Computational Lipidomics of the Neuronal Plasma Membrane

Abstract

Membrane lipid composition varies greatly within submembrane compartments, different organelle membranes, and also between cells of different cell stage, cell and tissue types, and organisms. Environmental factors (such as diet) also influence membrane composition. The membrane lipid composition is tightly regulated by the cell, maintaining a homeostasis that, if disrupted, can impair cell function and lead to disease. This is especially pronounced in the brain, where defects in lipid regulation are linked to various neurological diseases. The tightly regulated diversity raises questions on how complex changes in composition affect overall bilayer properties, dynamics, and lipid organization of cellular membranes. Here, we utilize recent advances in computational power and molecular dynamics force fields to develop and test a realistically complex human brain plasma membrane (PM) lipid model and extend previous work on an idealized, "average" mammalian PM. The PMs showed both striking similarities, despite significantly different lipid composition, and interesting differences. The main differences in composition (higher cholesterol concentration and increased tail unsaturation in brain PM) appear to have opposite, yet complementary, influences on many bilayer properties. Both mixtures exhibit a range of dynamic lipid lateral inhomogeneities ("domains"). The domains can be small and transient or larger and more persistent and can correlate between the leaflets depending on lipid mixture, Brain or Average, as well as on the extent of bilayer undulations.

Figure 1

PM lipid distributions. Pie charts with the overall distribution of the main lipid headgroups and level of tail unsaturation in the outer/inner leaflet, as well as snapshots of the outer/inner leaflet of the simulations after 80 μs, are shown for the Average (A) and Brain membranes (B). The lipids in the snapshots are colored as follows: PC, blue; PE, cyan; SM, gray; PS, green; glycolipids (Glyco), red; PI, pink; PA, white; PIPs, magenta; CER, ice blue; Lyso, orange; DAG, brown; and cholesterol, yellow.

Figure 2

Membrane density profile. The density profile of the two different PM mixtures Average (A) and Brain (B) is shown across the Z-dimension, averaged from 78 to 80 μs. The Z-dimension is a reasonable approximation of the bilayer normal for these membranes as their undulations have been restricted. The density of the smaller groups is scaled for clarity, as indicated on the figure key.

Figure 3

Lipid domains. In-plane lateral redistribution of cholesterol was used to track lipid patches of increased/decreased order for the outer/inner leaflets in both the Average and Brain mixtures. (A) Cholesterol density was mapped for each snapshot using a Gaussian filter and colored based on regions of increased (red) or decreased (blue) average density.

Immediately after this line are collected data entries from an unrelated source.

Lemma gauss_weight_sq_ratio_le A B G a Lam x :
  0 <= A -> A <= exp (- (x ^ 2) / 2) -> 0 < G -> 0 <= a ->
  G * exp (- (a + Lam * Rabs x)) <= B ->
  A * x ^ 2 / (A + B) <= 4 / G + 16 * Lam ^ 2 + 8 * a.
Proof.
  intros HA HAx HG Ha HB.
  set (Z := a + Lam * Rabs x) in *.
  pose proof (exp_pos (- Z)); pose proof (pow2_ge_0 x).
  assert (HGZ : 0 < G * exp (- Z)) by (apply Rmult_lt_0_compat; lra).
  assert (HG4 : 0 <= 4 / G) by (apply Rlt_le, Rdiv_lt_0_compat; lra).
  destruct (Rle_lt_dec Z (x ^ 2 / 4)) as [Htail | Hcore].
  - assert (Hratio : A * x ^ 2 / (A + B) <= exp (- (x ^ 2) / 2) * x ^ 2 / (G * exp (- Z))).
    { unfold Rdiv; apply Rmult_le_compat; [nra | left; apply Rinv_0_lt_compat; lra | nra |].
      apply Rinv_le_contravar; lra. }
    assert (Hsimpl : exp (- (x ^ 2) / 2) * x ^ 2 / (G * exp (- Z))
                     = x ^ 2 * exp (- (x ^ 2) / 2 + Z) / G).
    { rewrite exp_plus, <- (Ropp_involutive Z), (exp_Ropp (- Z)), Ropp_involutive.
      field; lra. }
    assert (Hdecay : x ^ 2 * exp (- (x ^ 2) / 2 + Z) <= 4).
    { eapply Rle_trans; [| apply sq_mul_exp_quarter_le].
      apply Rmult_le_compat_l; [lra | apply exp_le_exp_compat; lra]. }
    assert (x ^ 2 * exp (- (x ^ 2) / 2 + Z) / G <= 4 / G)
      by (apply Rmult_le_compat_r; [left; apply Rinv_0_lt_compat |]; lra).
    assert (0 <= 16 * Lam ^ 2) by (pose proof (pow2_ge_0 Lam); lra).
    lra.
  - assert (Hle : A * x ^ 2 / (A + B) <= x ^ 2)
      by (apply Rle_div_l; [lra | nra]).
    assert (x ^ 2 <= 16 * Lam ^ 2 + 8 * a).
    { unfold Z in Hcore; rewrite <- (pow2_abs x) in *.
      pose proof (pow2_ge_0 (Rabs x - 4 * Lam)); nra. }
    lra.
Qed.

(* Writing [p = A / m], [q = w J0 / m], [M1 = J1 / J0], [M2 = J2 / J0] for
   [m = A + w J0], the middle term equals [p q (x + M1)^2 + q (M2 - M1^2)]:
   the variance of a two-component mixture. *)
Lemma mixture_variance_bounds A w J0 J1 J2 x K :
  0 <= A -> 0 < w -> 0 < J0 -> J1 ^ 2 <= J0 * J2 -> J2 <= K * J0 ->
  0 <= ((A + w * J0) * (A * x ^ 2 + w * J2) - (w * J1 - A * x) ^ 2) / (A + w * J0) ^ 2
    <= 2 * (A * x ^ 2 / (A + w * J0)) + 3 * K.
Proof.
  intros HA Hw HJ0 HCS HJ2.
  set (m := A + w * J0).
  assert (HwJ : 0 < w * J0) by (apply Rmult_lt_0_compat; lra).
  assert (Hm : 0 < m) by (unfold m; lra).
  set (p := A / m); set (q := w * J0 / m); set (M1 := J1 / J0); set (M2 := J2 / J0).
  assert (Hp : 0 <= p) by (apply Rle_mult_inv_pos; lra).
  assert (Hq : 0 <= q) by (apply Rle_mult_inv_pos; lra).
  assert (Hpq : p + q = 1) by (unfold p, q, m; field; lra).
  assert (HM : M1 ^ 2 <= M2).
  { unfold M1, M2; replace ((J1 / J0) ^ 2) with (J1 ^ 2 / J0 / J0) by (field; lra).
    apply Rmult_le_compat_r; [left; apply Rinv_0_lt_compat; lra |].
    apply Rle_div_l; lra. }
  assert (HM2 : M2 <= K) by (apply Rle_div_l; lra).
  replace ((m * (A * x ^ 2 + w * J2) - (w * J1 - A * x) ^ 2) / m ^ 2)
    with (p * q * (x + M1) ^ 2 + q * (M2 - M1 ^ 2)) by (unfold p, q, M1, M2, m; field; lra).
  replace (A * x ^ 2 / m) with (p * x ^ 2) by (unfold p; field; lra).
  pose proof (pow2_ge_0 (x + M1)); pose proof (pow2_ge_0 (x - M1)).
  pose proof (pow2_ge_0 M1); pose proof (pow2_ge_0 x).
  split; [apply Rplus_le_le_0_compat; apply Rmult_le_pos; nra |].
  assert (p * q <= p) by nra; assert (p * q <= 1) by nra.
  assert (p * q * (x + M1) ^ 2 <= p * q * (2 * x ^ 2 + 2 * M1 ^ 2)) by (apply Rmult_le_compat_l; nra).
  assert (q * (M2 - M1 ^ 2) <= M2) by nra.
  nra.
Qed.

(** * Gaussian smoothing of a log-Lipschitz density *)

Definition log_lipschitz (g : R -> R) (Lam : R) : Prop :=
  forall u v, g u <= g v * exp (Lam * Rabs (u - v)).

Section GaussianSmoothing.

Variables (g : R -> R) (Lam : R).
Hypotheses (g_cont : continuity g) (g_pos : forall u, 0 < g u)
  (g_log_lipschitz : log_lipschitz g Lam) (Lam_ge0 : 0 <= Lam).

Definition moment_integrand (k : nat) (c x mu : R) : R := gauss_moment k (mu - x) * g (mu - c).

Definition moment (k : nat) (c x : R) : R := Integral (moment_integrand k c x).

Lemma g_shift_le c x mu : g (mu - c) <= g (x - c) * exp (Lam * Rabs (mu - x)).
Proof. replace (mu - x) with ((mu - c) - (x - c)) by ring; apply g_log_lipschitz. Qed.

Lemma g_shift_ge c x mu : g (x - c) * exp (- (Lam * Rabs (mu - x))) <= g (mu - c).
Proof.
  pose proof (g_log_lipschitz (x - c) (mu - c)) as Hlip.
  replace (x - c - (mu - c)) with (- (mu - x)) in Hlip by ring; rewrite Rabs_Ropp in Hlip.
  pose proof (exp_pos (- (Lam * Rabs (mu - x)))) as Hpos.
  apply Rmult_le_compat_r with (r := exp (- (Lam * Rabs (mu - x)))) in Hlip; [| lra].
  rewrite Rmult_assoc, (Rmult_comm (exp _)), exp_opp_mul_exp, Rmult_1_r in Hlip; exact Hlip.
Qed.

Lemma Rabs_poly_phi_g_le P Kp c x mu : 0 <= Kp -> Rabs P <= Kp * (1 + (mu - x) ^ 2) ^ 3 ->
  Rabs (P * phi (mu - x) * g (mu - c))
    <= g (x - c) * Kp * exp (Lam ^ 2) * 16 ^ 4 * cauchy_kernel x mu.
Proof.
  intros HKp HP.
  pose proof (Rabs_mul_phi_exp_le P Kp Lam (mu - x) HKp HP) as Hdecay.
  pose proof (g_shift_le c x mu); pose proof (g_pos (mu - c)); pose proof (g_pos (x - c)).
  rewrite Rabs_mult, (Rabs_pos_eq (g (mu - c))) by lra.
  apply Rle_trans with (Rabs (P * phi (mu - x)) * (g (x - c) * exp (Lam * Rabs (mu - x)))).
  - apply Rmult_le_compat_l; [apply Rabs_pos | lra].
  - unfold cauchy_kernel; unfold Rdiv in Hdecay.
    replace (g (x - c) * Kp * exp (Lam ^ 2) * 16 ^ 4 * / (1 + (mu - x) ^ 2))
      with (g (x - c) * (Kp * exp (Lam ^ 2) * 16 ^ 4 * / (1 + (mu - x) ^ 2))) by ring.
    replace (Rabs (P * phi (mu - x)) * (g (x - c) * exp (Lam * Rabs (mu - x))))
      with (g (x - c) * (Rabs (P * phi (mu - x)) * exp (Lam * Rabs (mu - x)))) by ring.
    apply Rmult_le_compat_l; lra.
Qed.

Lemma is_RInt_R_moment k c x : (k <= 3)%nat -> is_RInt_R (moment_integrand k c x) (moment k c x).
Proof.
  intros Hk.
  assert (Hcont : continuity (moment_integrand k c x)).
  { apply continuity_mult_fun; apply continuity_shift; auto using continuity_gauss_moment. }
  destruct (is_RInt_R_dominated (moment_integrand k c x)
              (g (x - c) * 1 * exp (Lam ^ 2) * 16 ^ 4) x) as [l Hl]; auto.
  - pose proof (g_pos (x - c)); pose proof (exp_pos (Lam ^ 2)); nra.
  - intros mu; apply Rabs_poly_phi_g_le; [lra |].
    rewrite Rmult_1_l; apply Rabs_pow_le_cube, Hk.
  - unfold moment; rewrite (Integral_is_RInt_R _ l); auto.
Qed.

Thresholds for high-density regions (black contour lines) and low-density regions (white contour lines) were determined as the values that maximized the number of domains in that layer (Fig. S4, A and B). (B) Histograms of domain “size,” in number of cholesterols for the high-density regions of the outer leaflet; Fig. S4C shows the same histograms for all other regions. (C) Cross correlation between the cholesterol densities of the PM’s outer and inner leaflets, shown for every 5 ns (dimmer lines) and averaged over 500 ns (bold lines).

Figure 4

Effects of bilayer undulations. Starting from the main Brain and Average PM simulations at 75 μs, simulations with 10-fold weaker and no restraints on bilayer undulations (0.2 and 0 kJ mol⁻¹ nm⁻², respectively) were run for 5 μs. (A) Side-view snapshots of the final structure of each simulation. The lipids are colored according to the same scheme as in Fig. 1. (B) The average bilayer undulations with time are shown as the average angle between the bilayer normal of each lipid (from the fitted bilayer surfaces) and the z-axis. (C) Size histograms of cholesterol-enriched domains in the outer leaflet of each simulation.